* Entries shown *
(* There is an absolute constant $c$ such that for every BST $T$ and every set $F$ of $k$ nodes of $T$ containing the root of $T$, the extended hand $E(T,F)$ consists of at most $c\,k$ intervals.
   Context: Let $T$ be a BST and $F$ a set of $k$ nodes (fingers) including the root. $S(T,F)$ is the Steiner tree of $F$ in $T$ (the minimal connected subtree containing $F$). The set of pseudofingers $P(T,F)$ consists of $F$ together with all nodes of degree $3$ in $S(T,F)$. For pseudofingers $x,y$ with $x$ an ancestor of $y$ such that the path between them contains no other pseudofinger, the tendon $\tau_{x,y}$ is the set of nodes strictly between $x$ and $y$ on this path. Its half tendons are $\tau^{<}_{x,y}=\{z\in\tau_{x,y}: z<y\}$ and $\tau^{>}_{x,y}=\{z\in\tau_{x,y}:z>y\}$; $H(T,F)$ is the set of all (nonempty) half tendons. A half tendon $\tau$ is identified with the interval $[\min\tau,\max\tau]$ and a pseudofinger $f$ with $[f,f]$. The extended hand is $E(T,F)=P(T,F)\cup H(T,F)$, viewed as a set of intervals. *)

(* Binary search trees with natural-number keys; a node is
   identified with its key. *)
From mathcomp Require Import all_boot.
Set Implicit Arguments. Unset Strict Implicit. Unset Printing Implicit Defensive.

Inductive tree := Leaf | Node of tree & nat & tree.

Fixpoint keys (t : tree) : seq nat :=
  if t is Node l k r then keys l ++ k :: keys r else [::].

Definition bst (t : tree) : bool := sorted ltn (keys t).

Definition root_seq (t : tree) : seq nat :=
  if t is Node _ k _ then [:: k] else [::].

(* the subtree of t rooted at the node with key x (Leaf if x is not a node) *)
Fixpoint subtree_at (t : tree) (x : nat) : tree :=
  if t is Node l k r then
    if k == x then t else
    if x \in keys l then subtree_at l x else subtree_at r x
  else Leaf.

(* anc t x y : x is an ancestor of y, or x = y *)
Definition anc (t : tree) (x y : nat) : bool :=
  (x \in keys t) && (y \in keys (subtree_at t x)).

Definition children (t : tree) (z : nat) : seq nat :=
  if subtree_at t z is Node l _ r then root_seq l ++ root_seq r else [::].

(* z lies on the (unique) tree path between u and v *)
Definition on_path (t : tree) (u v z : nat) : bool :=
  (z \in keys t) &&
  ((anc t z u (+) anc t z v) ||
   [&& anc t z u, anc t z v & ~~ has (fun c => anc t c u && anc t c v) (children t z)]).

Definition steiner (t : tree) (F : seq nat) : seq nat :=
  [seq z <- keys t | has (fun u => has (fun v => on_path t u v z) F) F].

Definition deg_in (t : tree) (S : seq nat) (z : nat) : nat :=
  count (fun c => c \in S) (children t z) +
  has (fun p => (p \in S) && (z \in children t p)) (keys t).

Definition pseudofingers (t : tree) (F : seq nat) : seq nat :=
  [seq z <- keys t | (z \in F) ||
     ((z \in steiner t F) && (deg_in t (steiner t F) z == 3))].

Definition tendon (t : tree) (x y : nat) : seq nat :=
  [seq z <- keys t | [&& anc t x z, anc t z y, z != x & z != y]].

Definition tendon_pair (t : tree) (F : seq nat) (x y : nat) : bool :=
  [&& x \in pseudofingers t F, y \in pseudofingers t F, x != y, anc t x y &
      all (fun z => z \notin pseudofingers t F) (tendon t x y)].

Definition half_lo (t : tree) (x y : nat) : seq nat := [seq z <- tendon t x y | z < y].
Definition half_hi (t : tree) (x y : nat) : seq nat := [seq z <- tendon t x y | y < z].

(* the interval [min s, max s] of a (nonempty) set of keys *)
Definition interval_of (s : seq nat) : nat * nat :=
  (\big[minn/head 0 s]_(z <- s) z, \max_(z <- s) z).

Definition half_tendon_intervals (t : tree) (F : seq nat) : seq (nat * nat) :=
  flatten [seq flatten [seq [seq interval_of s | s <- [:: half_lo t x y; half_hi t x y]
                                               & s != [::]]
                       | y <- pseudofingers t F & tendon_pair t F x y]
          | x <- pseudofingers t F].

Definition extended_hand (t : tree) (F : seq nat) : seq (nat * nat) :=
  undup ([seq (f, f) | f <- pseudofingers t F] ++ half_tendon_intervals t F).

From mathcomp Require Import all_boot zify.

Set Implicit Arguments.
Unset Strict Implicit.
Unset Printing Implicit Defensive.

(* Every pseudofinger is a finger or a degree-3 node of the Steiner tree, and a
   degree-3 node has fingers below both of its children.  Counting nodes with
   fingers in both subtrees by induction on the tree shows there are fewer of
   them than fingers, so |P| <= 2k.  A half tendon is determined by the lower
   end y of its tendon together with a side, and y has a unique pseudofinger
   ancestor x with no pseudofinger in between, so |H| <= 2|P|.  Altogether
   |E| <= |P| + |H| <= 3|P| <= 6k. *)

Lemma bstE t : bst t = pairwise ltn (keys t).
Proof. exact: sorted_pairwise ltn_trans _. Qed.

Lemma bst_uniq t : bst t -> uniq (keys t).
Proof. by rewrite bstE; apply: pairwise_uniq; exact: ltnn. Qed.

Lemma bst_node l k r : bst (Node l k r) ->
  [/\ bst l, bst r, {in keys l, forall x, x < k} & {in keys r, forall x, k < x}].
Proof.
rewrite !bstE /= pairwise_cat pairwise_cons allrel_consr.
case/and3P=> /andP[/allP ltl _] -> /andP[/allP ltr ->].
by split=> // x /[dup] /ltl + /ltr.
Qed.

Lemma keys_subtree_at t z : {subset keys (subtree_at t z) <= keys t}.
Proof.
elim: t => [|l IHl k r IHr] //= x; case: eqP => // _.
by rewrite mem_cat inE; case: ifP => _ /[dup] ? => [/IHl|/IHr] ->; rewrite ?orbT.
Qed.

Lemma bst_subtree_at t z : bst t -> bst (subtree_at t z).
Proof.
elim: t => [|l IHl k r IHr] //= /[dup] bt /bst_node[bl br _ _].
by case: eqP => // _; case: ifP => _; auto.
Qed.

Lemma subtree_atL l k r x : bst (Node l k r) -> x \in keys l ->
  subtree_at (Node l k r) x = subtree_at l x.
Proof.
case/bst_node=> _ _ ltl _ xl /=.
by case: eqP => [kx|_]; [have := ltl x xl; rewrite kx ltnn | rewrite xl].
Qed.

Lemma subtree_atR l k r x : bst (Node l k r) -> x \in keys r ->
  subtree_at (Node l k r) x = subtree_at r x.
Proof.
case/bst_node=> _ _ ltl ltr xr /=; have := ltr x xr.
case: eqP => [->|_]; first by rewrite ltnn.
by case: ifP => // /ltl; lia.
Qed.

Lemma subtree_at_mem t z : z \in keys t -> exists l r, subtree_at t z = Node l z r.
Proof.
elim: t => [|l IHl k r IHr] //=; case: eqP => [->|kz]; first by eauto.
rewrite mem_cat inE; case: ifP => [zl _|_ /= zr]; first exact: IHl.
by apply: IHr; case/orP: zr => // /eqP zk; rewrite zk in kz.
Qed.

Lemma subtree_at_subtree_at t z x : bst t -> x \in keys (subtree_at t z) ->
  subtree_at (subtree_at t z) x = subtree_at t x.
Proof.
elim: t => [|l IHl k r IHr] // /[dup] bt /bst_node[bl br _ _].
rewrite [subtree_at _ z]/=; case: eqP => // _; case: ifP => _ xz.
  by rewrite (subtree_atL bt) ?IHl // (keys_subtree_at xz).
by rewrite (subtree_atR bt) ?IHr // (keys_subtree_at xz).
Qed.

Lemma subtree_at_comparable t x x' y : bst t -> x \in keys t -> x' \in keys t ->
  y \in keys (subtree_at t x) -> y \in keys (subtree_at t x') ->
  (x' \in keys (subtree_at t x)) || (x \in keys (subtree_at t x')).
Proof.
elim: t => [|l IHl k r IHr] //= /[dup] bt /bst_node[bl br ltl ltr].
case: (k =P x) => [<- _ -> //|/eqP/negbTE kx].
case: (k =P x') => [<- -> _ _ _|/eqP/negbTE kx']; first by rewrite orbT.
rewrite !mem_cat !inE (eq_sym x) (eq_sym x') kx kx' /=.
case: ifP => xl; case: ifP => x'l //= xr x'r.
- exact: IHl.
- by move=> /keys_subtree_at/ltl yk /keys_subtree_at/ltr /(ltn_trans yk); rewrite ltnn.
- by move=> /keys_subtree_at/ltr ky /keys_subtree_at/ltl /ltn_trans/(_ ky); rewrite ltnn.
- exact: IHr.
Qed.

Lemma subtree_at_childL t z l r x : bst t -> subtree_at t z = Node l z r ->
  x \in keys l -> subtree_at t x = subtree_at l x.
Proof.
move=> bt tz xl; have bz : bst (Node l z r) by rewrite -tz bst_subtree_at.
have xz : x \in keys (subtree_at t z) by rewrite tz /= mem_cat xl.
by rewrite -(subtree_at_subtree_at bt xz) tz (subtree_atL bz).
Qed.

Lemma subtree_at_childR t z l r x : bst t -> subtree_at t z = Node l z r ->
  x \in keys r -> subtree_at t x = subtree_at r x.
Proof.
move=> bt tz xr; have bz : bst (Node l z r) by rewrite -tz bst_subtree_at.
have xz : x \in keys (subtree_at t z) by rewrite tz /= mem_cat inE xr !orbT.
by rewrite -(subtree_at_subtree_at bt xz) tz (subtree_atR bz).
Qed.

Fixpoint branching (F : seq nat) (t : tree) : seq nat :=
  if t is Node l k r then
    branching F l ++ branching F r ++
    (if has (fun f => f \in keys l) F && has (fun f => f \in keys r) F
     then [:: k] else [::])
  else [::].

Lemma mem_branching F t z l r : z \in keys t -> subtree_at t z = Node l z r ->
  has (fun f => f \in keys l) F -> has (fun f => f \in keys r) F ->
  z \in branching F t.
Proof.
elim: t => [|l0 IHl k r0 IHr] //=.
case: eqP => [-> _ [-> <-] Fl Fr|kz]; first by rewrite Fl Fr !mem_cat mem_head !orbT.
rewrite mem_cat in_cons; case: ifP => [zl _ tz Fl Fr|_ /= zr tz Fl Fr].
  by rewrite mem_cat (IHl zl tz Fl Fr).
case/orP: zr => [/eqP zk|zr]; first by rewrite zk in kz.
by rewrite !mem_cat (IHr zr tz Fl Fr) orbT.
Qed.

Lemma count_keys_node F l k r : bst (Node l k r) ->
  count (fun f => f \in keys l) F + count (fun f => f \in keys r) F
  <= count (fun f => f \in keys (Node l k r)) F.
Proof.
case/bst_node=> _ _ ltl ltr; rewrite -count_predUI.
have -> : count (predI (fun f => f \in keys l) (fun f => f \in keys r)) F = 0.
  apply/eqP; rewrite -leqn0 leqNgt -has_count; apply/hasPn => f _ /=.
  by apply/andP=> -[/ltl fk /ltr /(ltn_trans fk)]; rewrite ltnn.
by rewrite addn0; apply: sub_count => f /=; rewrite mem_cat inE => /orP[] ->; rewrite ?orbT.
Qed.

(* The extra [1] for a subtree containing a finger is what makes the induction
   go through: m > 0 fingers yield at most m - 1 branching nodes. *)
Lemma size_branching F t : bst t ->
  size (branching F t) + (0 < count (fun f => f \in keys t) F)
  <= count (fun f => f \in keys t) F.
Proof.
elim: t => [|l IHl k r IHr]; first by rewrite /= count_pred0.
move=> /[dup] /(count_keys_node F) le_c /bst_node[/IHl {}IHl /IHr {}IHr _ _].
rewrite /= !size_cat !has_count; move: le_c IHl IHr.
set cl := count _ F; set cr := count _ F; set c := count _ F.
case: (posnP cl) => [->|pl]; case: (posnP cr) => [->|pr]; rewrite /= ?pl ?pr /=; lia.
Qed.

Lemma steiner_finger_below t F c : c \in steiner t F ->
  has (fun f => f \in keys (subtree_at t c)) F.
Proof.
rewrite mem_filter => /andP[/hasP[u uF /hasP[v vF]]] + _.
rewrite /on_path /anc => /andP[_ onp]; apply/hasP.
have : (u \in keys (subtree_at t c)) || (v \in keys (subtree_at t c)).
  by move: onp; case: (u \in _); case: (v \in _); rewrite ?andbF.
by case/orP; [exists u | exists v].
Qed.

Lemma size_children t z : size (children t z) <= 2.
Proof. by rewrite /children; case: subtree_at => // -[|? ? ?] _ [|? ? ?]. Qed.

Lemma deg_in3_children t S z : deg_in t S z = 3 ->
  size (children t z) = 2 /\ {subset children t z <= S}.
Proof.
rewrite /deg_in; set n := count _ _; set p := has _ _ => deg3.
have le_n : n <= size (children t z) := count_size _ _.
have le_p := leq_b1 p; have le_size := size_children t z; clearbody p.
have n_size : n = size (children t z) by lia.
by split; [lia | apply/allP; rewrite all_count -n_size].
Qed.

Lemma deg3_branching t F z : bst t -> z \in keys t ->
  deg_in t (steiner t F) z = 3 -> z \in branching F t.
Proof.
move=> bt zt; have [l [r tz]] := subtree_at_mem zt.
case/deg_in3_children; rewrite /children tz.
case: l tz => [|l' a r'] tz; case: r tz => [|l'' b r''] tz //= _ sub.
apply: (mem_branching zt tz).
- have := steiner_finger_below (sub a (mem_head _ _)).
  by rewrite (subtree_at_childL bt tz) /= ?eqxx // mem_cat mem_head orbT.
- have := steiner_finger_below (sub b (mem_last a [:: b])).
  by rewrite (subtree_at_childR bt tz) /= ?eqxx // mem_cat mem_head orbT.
Qed.

Lemma size_pseudofingers t F : bst t -> size (pseudofingers t F) <= 2 * size F.
Proof.
move=> bt; rewrite /pseudofingers size_filter.
set fin := fun z => z \in F.
set deg3 := fun z => (z \in steiner t F) && (deg_in t (steiner t F) z == 3).
apply: (@leq_trans (count fin (keys t) + count deg3 (keys t))).
  by rewrite -count_predUI leq_addr.
have -> : 2 * size F = size F + size F by rewrite mul2n addnn.
apply: leq_add; rewrite -size_filter.
  apply: uniq_leq_size; first by rewrite filter_uniq ?bst_uniq.
  by move=> z; rewrite mem_filter => /andP[].
apply: (@leq_trans (size (branching F t))).
  apply: uniq_leq_size; first by rewrite filter_uniq ?bst_uniq.
  by move=> z; rewrite mem_filter => /andP[/andP[_ /eqP]] /[swap] /(deg3_branching bt); apply.
exact: leq_trans (leq_addr _ _) (leq_trans (size_branching F bt) (count_size _ _)).
Qed.

Lemma pseudofingers_uniq t F : bst t -> uniq (pseudofingers t F).
Proof. by move=> bt; rewrite filter_uniq ?bst_uniq. Qed.

Lemma tendon_pair_uniq t F x x' y : bst t ->
  tendon_pair t F x y -> tendon_pair t F x' y -> x = x'.
Proof.
move=> bt /and5P[xP _ xy /andP[xt yx] noPx] /and5P[x'P _ x'y /andP[x't yx'] noPx'].
apply/eqP; apply: contraT => neq.
case/orP: (subtree_at_comparable bt xt x't yx yx') => [x'x|xx'].
- have : x' \in tendon t x y by rewrite mem_filter /anc xt x'x x't yx' x'y eq_sym neq.
  by move/(allP noPx); rewrite x'P.
- have : x \in tendon t x' y by rewrite mem_filter /anc x't xx' xt yx xy neq.
  by move/(allP noPx'); rewrite xP.
Qed.

Lemma size_flatten_map (A B : Type) (f : A -> seq B) s :
  size (flatten (map f s)) = \sum_(x <- s) size (f x).
Proof. by rewrite size_flatten sumnE /shape -map_comp big_map. Qed.

Lemma count_le1_uniq (T : eqType) (a : pred T) s : uniq s ->
  {in s &, forall x y, a x -> a y -> x = y} -> count a s <= 1.
Proof.
move=> us a_inj; case: (boolP (has a s)) => [/hasP[x xs ax]|]; last first.
  by rewrite has_count; case: count.
rewrite (@eq_in_count _ _ (pred1 x)) ?count_uniq_mem ?leq_b1 // => y ys /=.
by apply/idP/eqP => [ay|->//]; exact: a_inj.
Qed.

Lemma size_half_tendon_intervals t F : bst t ->
  size (half_tendon_intervals t F) <= 2 * size (pseudofingers t F).
Proof.
move=> bt; set P := pseudofingers t F.
rewrite /half_tendon_intervals -/P size_flatten_map.
apply: (@leq_trans (\sum_(x <- P) \sum_(y <- P | tendon_pair t F x y) 2)).
  apply: leq_sum => x _; rewrite size_flatten_map big_filter.
  by apply: leq_sum => y _; rewrite size_map size_filter (count_size _ [:: _; _]).
rewrite (exchange_big_dep xpredT) //= -sum1_size big_distrr leq_sum // => y _.
rewrite big_const_seq iter_addn_0 leq_mul2l /=.
apply: count_le1_uniq; first exact: pseudofingers_uniq.
by move=> x x' _ _; exact: tendon_pair_uniq.
Qed.

Theorem lemma14 :
  exists c : nat, forall (t : tree) (F : seq nat),
    bst t -> uniq F -> {subset F <= keys t} ->
    (forall r, r \in root_seq t -> r \in F) ->
    size (extended_hand t F) <= c * size F.
Proof.
(* The bound holds for any list F of keys. *)
exists 6 => t F bt _ _ _.
rewrite /extended_hand (leq_trans (size_undup _)) // size_cat size_map.
have le_H := size_half_tendon_intervals F bt; have le_P := size_pseudofingers F bt.
rewrite (leq_trans (leq_add (leqnn _) le_H)) // -mulSn.
by rewrite (leq_trans (leq_mul (leqnn 3) le_P)) // mulnA.
Qed.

* Brief *
Going down the listing above, begin printing at the line with "tz /= mem_cat xl." and finish with the line with "case/orP: zr => [/eqP", exactly as they appear.

* Answer section *
have xz : x \in keys (subtree_at t z) by rewrite tz /= mem_cat xl.
by rewrite -(subtree_at_subtree_at bt xz) tz (subtree_atL bz).
Qed.

Lemma subtree_at_childR t z l r x : bst t -> subtree_at t z = Node l z r ->
  x \in keys r -> subtree_at t x = subtree_at r x.
Proof.
move=> bt tz xr; have bz : bst (Node l z r) by rewrite -tz bst_subtree_at.
have xz : x \in keys (subtree_at t z) by rewrite tz /= mem_cat inE xr !orbT.
by rewrite -(subtree_at_subtree_at bt xz) tz (subtree_atR bz).
Qed.

Fixpoint branching (F : seq nat) (t : tree) : seq nat :=
  if t is Node l k r then
    branching F l ++ branching F r ++
    (if has (fun f => f \in keys l) F && has (fun f => f \in keys r) F
     then [:: k] else [::])
  else [::].

Lemma mem_branching F t z l r : z \in keys t -> subtree_at t z = Node l z r ->
  has (fun f => f \in keys l) F -> has (fun f => f \in keys r) F ->
  z \in branching F t.
Proof.
elim: t => [|l0 IHl k r0 IHr] //=.
case: eqP => [-> _ [-> <-] Fl Fr|kz]; first by rewrite Fl Fr !mem_cat mem_head !orbT.
rewrite mem_cat in_cons; case: ifP => [zl _ tz Fl Fr|_ /= zr tz Fl Fr].
  by rewrite mem_cat (IHl zl tz Fl Fr).
case/orP: zr => [/eqP zk|zr]; first by rewrite zk in kz.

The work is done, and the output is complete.